The art quilts first got Ferguson’s attention at the Kentucky Heritage Quilting Society, and she joined the group. “That’s when I got excited,” she says. With the techniques she learned, she created pieces of art. “These are not intended to be bed quilts to keep you warm,” she says. “They’re intended to be small and hang on a wall.” Some of the quilts are 8 feet by 8 feet, and she makes some as small as a postcard. “I really enjoy sending someone art in the mail,” she says.

Quilting basics are the same, no matter the size or style of the finished product. There’s cloth on the top and bottom layers with batting in between. The top piece, though, is more than pieces of material sewn together to create squares.

The quilts feature unique materials like velvet, cheesecloth and silks and embellishments like beadwork and embroidery. There are also found items like coins or seashells.
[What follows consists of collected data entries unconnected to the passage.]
Definition valid_mapping (R : realType) (S : substrate R) (q : request S)
  (m : mapping q) : Prop :=
  (forall i, mV m i \in rVallow q i) /\
  (forall i j, rE q i j ->
     path (rEallow q i j) (mV m i) (mE m i j) /\ last (mV m i) (mE m i j) = mV m j).

Definition Anode (R : realType) (S : substrate R) (q : request S)
  (mv : {ffun rV q -> sV S}) (t : sT S) (u : sV S) : R :=
  \sum_(i | (rtau q i == t) && (mv i == u)) rdV q i.

Definition Aedge (R : realType) (S : substrate R) (q : request S)
  (m : mapping q) (u v : sV S) : R :=
  \sum_(ij : rV q * rV q | rE q ij.1 ij.2 &&
        ((u, v) \in path_edges (mV m ij.1) (mE m ij.1 ij.2))) rdE q ij.1 ij.2.

Definition dmax (R : realType) (S : substrate R) (q : request S) (u : sV S) : R :=
  \big[Num.max/0]_(i | u \in rVallow q i) rdV q i.

(* A_max(r, tau, u) = max over valid mappings m of A(m,tau,u); since A(m,tau,u)
   only depends on the node part of m, the max ranges over node maps that
   extend to a valid mapping (0 if there is no valid mapping). *)
Definition Amax (R : realType) (S : substrate R) (q : request S)
  (t : sT S) (u : sV S) : R :=
  \big[Num.max/0]_(mv : {ffun rV q -> sV S} |
                   `[< exists me, valid_mapping (Mapping mv me) >]) Anode mv t u.

Definition rounding_family (R : realType) (S : substrate R) (Req : finType)
  (req : Req -> request S) (K : Req -> nat)
  (f : forall r, 'I_(K r) -> R) (m : forall r, 'I_(K r) -> mapping (req r)) : Prop :=
  (forall r k, 0 < f r k) /\
  (forall r k, valid_mapping (m r k)) /\
  (forall r, \sum_(k < K r) f r k <= 1) /\
  (forall t u, u \in sVt S t ->
     \sum_r \sum_(k < K r) f r k * Anode (mV (m r k)) t u <= sdV S t u) /\
  (forall u v, sE S u v ->
     \sum_r \sum_(k < K r) f r k * Aedge (m r k) u v <= sdE S u v).

(* Outcome: for each request, Some k (mapping m_r^k selected) or None. *)
Definition outcome (Req : finType) (K : Req -> nat) : finType :=
  {dffun forall r : Req, option 'I_(K r)}.

Definition sel_prob (R : realType) (Req : finType) (K : Req -> nat)
  (f : forall r, 'I_(K r) -> R) (r : Req) (o : option 'I_(K r)) : R :=
  match o with
  | Some k => f r k
  | None => 1 - \sum_(k < K r) f r k
  end.

Definition weight (R : realType) (Req : finType) (K : Req -> nat)
  (f : forall r, 'I_(K r) -> R) (w : outcome K) : R :=
  \prod_(r : Req) sel_prob f (w r).

Definition Prob (R : realType) (Req : finType) (K : Req -> nat)
  (f : forall r, 'I_(K r) -> R) (E : pred (outcome K)) : R :=
  \sum_(w : outcome K | E w) weight f w.

Definition Aalloc (R : realType) (S : substrate R) (Req : finType)
  (req : Req -> request S) (K : Req -> nat)
  (m : forall r, 'I_(K r) -> mapping (req r)) (t : sT S) (u : sV S)
  (w : outcome K) : R :=
  \sum_(r : Req) match w r with
                 | Some k => Anode (mV (m r k)) t u
                 | None => 0
                 end.

Arguments rounding_family {R S Req} req K f m.
Arguments Prob {R Req} K f E.
Arguments Aalloc {R S Req req K} m t u w.
Arguments dmax {R S} q u.
Arguments Amax {R S} q t u.

(* Under randomized rounding the requests choose their mappings independently,
   so A_{tau,u} is a sum of independent summands A_{r,tau,u} with values in
   [0, A_max(r,tau,u)], and by the LP capacity constraint their means add up to
   at most d_S(tau,u).  Hoeffding's inequality for finite product measures
   (Chernoff's bound combined with Hoeffding's lemma, whose extreme case is a
   Bernoulli variable) gives
     P(A >= beta d) <= exp(-2 (beta d - E A)^2 / sum_r A_max(r)^2).
   Since A_max(r) <= eps d_S(tau,u) * A_max(r) / d_max(r), the denominator is
   at most (eps d_S)^2 Delta, and the choice of beta makes the exponent at
   least 4 log(|V_S| |T|). *)

From HB Require Import structures.
From mathcomp Require Import all_boot all_order all_algebra.
From mathcomp Require Import boolp functions reals interval_inference normedtype.
From mathcomp Require Import derive sequences realfun convex exp.
From mathcomp Require Import ring lra.
Import Order.TTheory GRing.Theory Num.Theory.
Import numFieldNormedType.Exports.
Local Open Scope ring_scope.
Ferguson loves working with wool. “It’s so soft, but it doesn’t ravel,” she says. “If you cut it, the material doesn’t fall apart.”

She sometimes uses paints, colored pencils or charcoal. Some types of paint have the appearance of leather, giving the quilts even more definition. Creating quilt art makes each piece unique. “It’s not your grandmother’s patterns of squares and rectangles,” she says. “I finally get the chance to create something beautiful and not just follow the rules.”

From left, Nanc Gunn and Roxanne Ferguson talk about the pieces on display in the quilt exhibit.